From: Anton S. Lytvynenko
Subject: Re: Eligibility of CC-BY-SA for documentation within a software project
Date: Fri, 28 Feb 2020 14:58:54 +0200
User-agent: Mozilla/5.0 (X11; Linux x86_64; rv:68.0) Gecko/20100101 Thunderbird/68.4.1

Dear Karl, dear Ineiev,

thank you very much for your answers.

First, to be more specific, I mean this project:

https://sites.google.com/site/mjollnirmagn/

https://bitbucket.org/featar/mjollnir/src/default/

It is devoted to the analysis of the experimental magnetochemical data
for paramagnetic coordination compounds. Briefly, it takes user-defined
model (number and kinds of paramagnetic ions as well as the interactions
between them) and adjusts the model parameters to fit the experimental
curve. The more or less usable releases were developed years ago and has
been utilizing since that times by a few scientific groups working in
this field. After that, some slow development together with checking of
various ideas has been performing, and now we are slowly approaching --
I hope! -- the next major release. The source code has been hosting on
Bitbucket, that is now shutting down Mercurial support. And, after that,
I am severely concerned by what they are going to shut down in the next
time. I fought against "humble advises" of some colleagues to put the
distribution of the software under heavy restrictions and wouldn't like
to loose the entire effort due to further "policy updates" of somebody...

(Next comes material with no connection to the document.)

(* Assume $d_{min}\ge d_{close}+d_{open}$, and let $R$ be a regular run whose initial state has Dir = open and GateStatus = opened. (1) If the positive significant moments of Dir form an infinite sequence $\gamma_1<\gamma_2<\gamma_3<\cdots$, then the positive significant moments of GateStatus form an infinite sequence $\delta_1<\delta_2<\delta_3<\cdots$ with $\delta_i\in(\gamma_i,\gamma_{i+1})$ for every $i$. (2) If the positive significant moments of Dir form a finite sequence $\gamma_1<\cdots<\gamma_n$, then the positive significant moments of GateStatus form a sequence $\delta_1<\cdots<\delta_n$ with $\delta_i\in(\gamma_i,\gamma_{i+1})$ for $i<n$ and $\delta_n>\gamma_n$.
   Context: Setting (evolving algebra for the railroad crossing). States are structures over a vocabulary containing: a finite universe Tracks; the reals and ExtendedReals $=\mathbb{R}\cup\{\infty\}$ with standard $<$ and $+$ ($\infty$ largest); a nullary real-valued symbol $\mathrm{CT}$ (current time); positive real constants $d_{close},d_{open},d_{min},d_{max}$ with $d_{close}<d_{min}\le d_{max}$; a unary function TrackStatus from Tracks to $\{\text{empty},\text{coming},\text{incrossing}\}$; a unary function Deadline from Tracks to ExtendedReals; a nullary Dir with values in $\{\text{open},\text{close}\}$; a nullary GateStatus with values in $\{\text{opened},\text{closed}\}$. Put $W=d_{min}-d_{close}$ and $\Delta_{close}=d_{close}+(d_{max}-d_{min})=d_{max}-W$. For a track $x$, $s(x)$ is the condition [$\mathrm{TrackStatus}(x)=\text{empty}$ or $\mathrm{CT}+d_{open}<\mathrm{Deadline}(x)$], and SafeToOpen is $\forall x\in\mathrm{Tracks}\ s(x)$. The program has two modules (agents). Gate: simultaneously OpenGate ''if Dir=open then GateStatus:=opened'' and CloseGate ''if Dir=close then GateStatus:=closed''. Controller: simultaneously, for every track $x$, SetDeadline$(x)$ ''if TrackStatus$(x)$=coming and Deadline$(x)=\infty$ then Deadline$(x):=\mathrm{CT}+W$'', SignalClose$(x)$ ''if $\mathrm{CT}=$Deadline$(x)$ then Dir:=close'', ClearDeadline$(x)$ ''if TrackStatus$(x)$=empty and Deadline$(x)<\infty$ then Deadline$(x):=\infty$'', together with SignalOpen ''if Dir=close and SafeToOpen then Dir:=open''. Executing a module means computing all updates it generates in the current state and performing them simultaneously (nothing happens if the update set is inconsistent). A module is enabled at a state if its update set is consistent and contains an update that changes the state. TrackStatus is external (changed only by the environment); Deadline, Dir, GateStatus are internal (changed only by the modules); other symbols are static. Runs: for $t\mapsto R(t)$, $t\in[0,\infty)$, let $\rho(t)$ be the reduct of $R(t)$ without CT. $R$ is a pre-run if all $R(t)$ share a superuniverse, $\mathrm{CT}=t$ in $R(t)$, and for every $\tau>0$ there are $0=t_0<\dots<t_n=\tau$ with $\rho$ constant on each $(t_i,t_{i+1})$. For a term $e$ (free variables fixed), $e_t$ is its value in $R(t)$, $e_{t+}$ (resp. $e_{t-}$, $t>0$) its constant value on some $(t,t+\epsilon)$ (resp. $(t-\epsilon,t)$); likewise $\rho(t\pm)$. $e$ holds over an interval if it holds at each point; $e$ becomes (is set to) $a$ at $t$ if $e_{t-}\ne a=e_t$ or $e_t\neq a=e_{t+}$. A moment $t$ is significant for $e$ if every neighbourhood of $t$ contains a moment $a$ with $e_a\ne e_t$; positive significant moments are those $>0$. A pre-run is a run if (i) whenever $\rho(t+)\neq\rho(t)$, $\rho(t+)$ is the CT-free reduct of the result of executing some modules at $R(t)$ (these agents fire at $t$), with external functions equal in $\rho(t)$ and $\rho(t+)$; (ii) whenever $t>0$ and $\rho(t)\ne\rho(t-)$, they differ only in external functions. An agent is immediate if it fires at every moment it is enabled; bounded if immediate or there is $b>0$ with no interval $(t,t+b)$ over which it is enabled but never fires. Initial states: TrackStatus$(x)$=empty and Deadline$(x)=\infty$ for every track $x$. A regular run is a run $R$ with $R(0)$ initial such that: (Train Motion) for each track $x$ there is a finite or infinite sequence $0=t_0<t_1<t_2<\cdots$ (the significant moments of $x$) with TrackStatus$(x)$=empty over each $[t_{3i},t_{3i+1})$, =coming over each $[t_{3i+1},t_{3i+2})$ where $d_{min}\le t_{3i+2}-t_{3i+1}\le d_{max}$, =incrossing over each $[t_{3i+2},t_{3i+3})$, and, if the sequence is finite with last element $t_k$, then $3\mid k$ and TrackStatus$(x)$=empty over $[t_k,\infty)$; (Controller Timing) Controller is immediate; (Gate Timing) Gate is bounded, there is no interval $(t,t+d_{close})$ over which Dir=close and GateStatus=opened both hold, and no interval $(t,t+d_{open})$ over which Dir=open and GateStatus=closed both hold. *)

From Stdlib Require Import Reals Lra List.
Open Scope R_scope.
Set Implicit Arguments.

Regarding the documentation license, it is not a problem to re-license.
However, in that case, to be honest, I would prefer, if it is possible,
keep both options to choose (dual GFDL+CC-BY-SA). There are a few
reasons for that, primarily due to a decent piece of the physical
background description incorporated into the document -- I believe that
at least that piece could be reusable in various teaching and/or
scientific works, and feel that GFDL imposes a bit rigid constraints
with notable overhead on that options. E.g. it is obscure to me to how
someone should borrow the set of the equations with the explanations for
the slides of a lecture taught to students on the computer offered by a
university (allegedly with some non-free requisites) obeying GFDL (I
don't say it is not possible or especially hard, but it is not easy to
comprehend the correct consequence of the steps).

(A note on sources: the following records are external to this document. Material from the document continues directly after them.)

Definition filtered {T : Type} (R : T -> T -> Prop) (S : T -> Prop) : Prop :=
  (exists x, S x) /\
  (forall x y, S x -> S y -> exists z, S z /\ R z x /\ R z y).

Definition is_ub {T : Type} (R : T -> T -> Prop) (S : T -> Prop) (u : T) : Prop :=
  forall s, S s -> R s u.

Definition is_lb {T : Type} (R : T -> T -> Prop) (S : T -> Prop) (u : T) : Prop :=
  forall s, S s -> R u s.

Definition is_sup_in {T : Type} (P : T -> Prop) (R : T -> T -> Prop)
  (S : T -> Prop) (u : T) : Prop :=
  P u /\ is_ub R S u /\ (forall v, P v -> is_ub R S v -> R u v).

Definition is_inf_in {T : Type} (P : T -> Prop) (R : T -> T -> Prop)
  (S : T -> Prop) (u : T) : Prop :=
  P u /\ is_lb R S u /\ (forall v, P v -> is_lb R S v -> R v u).

Definition way_below_in {T : Type} (P : T -> Prop) (R : T -> T -> Prop) (x y : T) : Prop :=
  forall S : T -> Prop, subset S P -> directed R S ->
  forall s, is_sup_in P R S s -> R y s -> exists z, S z /\ R x z.

Definition ddarrow_in {T : Type} (P : T -> Prop) (R : T -> T -> Prop) (x : T) : T -> Prop :=
  fun a => P a /\ way_below_in P R a x.

Definition uuarrow_in {T : Type} (P : T -> Prop) (R : T -> T -> Prop) (x : T) : T -> Prop :=
  fun a => P a /\ way_below_in P R x a.

Definition continuous_poset {T : Type} (P : T -> Prop) (R : T -> T -> Prop) : Prop :=
  partial_order_on P R /\
  exists B : T -> Prop, subset B P /\
    forall x, P x -> exists S : T -> Prop,
      subset S (fun a => B a /\ ddarrow_in P R x a) /\ directed R S /\ is_sup_in P R S x.

Definition bicontinuous_poset {T : Type} (P : T -> Prop) (R : T -> T -> Prop) : Prop :=
  continuous_poset P R /\
  (forall x y, P x -> P y ->
     (way_below_in P R x y <->
      forall S : T -> Prop, subset S P -> filtered R S ->
      forall m, is_inf_in P R S m -> R m x -> exists s, S s /\ R s y)) /\
  (forall x, P x -> filtered R (uuarrow_in P R x) /\ is_inf_in P R (uuarrow_in P R x) x).

Definition continuous_dcpo {T : Type} (P : T -> Prop) (R : T -> T -> Prop) : Prop :=
  continuous_poset P R /\
  forall S : T -> Prop, subset S P -> directed R S -> exists s, is_sup_in P R S s.

Definition maximal {D : Type} (le : D -> D -> Prop) (x : D) : Prop :=
  forall y, le x y -> y = x.

Definition is_inf2 {D : Type} (le : D -> D -> Prop) (x y z : D) : Prop :=
  is_inf_in full le (fun w => w = x \/ w = y) z.

Definition scott_open {D : Type} (le : D -> D -> Prop) (U : D -> Prop) : Prop :=
  (forall x y, U x -> le x y -> U y) /\
  (forall (S : D -> Prop) s, directed le S -> is_sup_in full le S s -> U s ->
     exists z, S z /\ U z).

Definition relatively_scott_compact {D : Type} (le : D -> D -> Prop) (K : D -> Prop) : Prop :=
  forall (I : Type) (V : I -> D -> Prop),
    (forall i, exists U, scott_open le U /\ forall y, V i y <-> (U y /\ K y)) ->
    (forall y, K y -> exists i, V i y) ->
    exists l : list I, forall y, K y -> exists i, In i l /\ V i y.

Definition interval_poset {D : Type} (le : D -> D -> Prop) (left right : D -> D) : Prop :=
  partial_order_on full le /\
  (forall x, maximal le (left x) /\ maximal le (right x)) /\
  (forall x, is_inf2 le (left x) (right x) x) /\
  (forall x y, right x = left y ->
     exists z, is_inf2 le x y z /\ left z = left x /\ right z = right y) /\
  (forall x p, maximal le p -> le x p ->
     (exists z, is_inf2 le (left x) p z /\ left z = left x /\ right z = p) /\
     (exists z, is_inf2 le p (right x) z /\ left z = p /\ right z = right x)).

Definition max_le {D : Type} (left right : D -> D) (a b : D) : Prop :=
  exists z, left z = a /\ right z = b.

There is another question emerging in that case -- am I allowed to clone
the entire repository with all previous history of commits (some of
which turned out to be inconsistent with the policies) to Savannah after
adjusting the current commits to the requirements?

In principle, as an option, I can keep developing only the code on
Savannah (which is under GPL from the beginning of the development) and
host the documentation elsewhere (especially bearing in mind that it is
a bit non-synchronized with the actual development code). However, it is
unlikely to remove a set of files from the entire history of the commits.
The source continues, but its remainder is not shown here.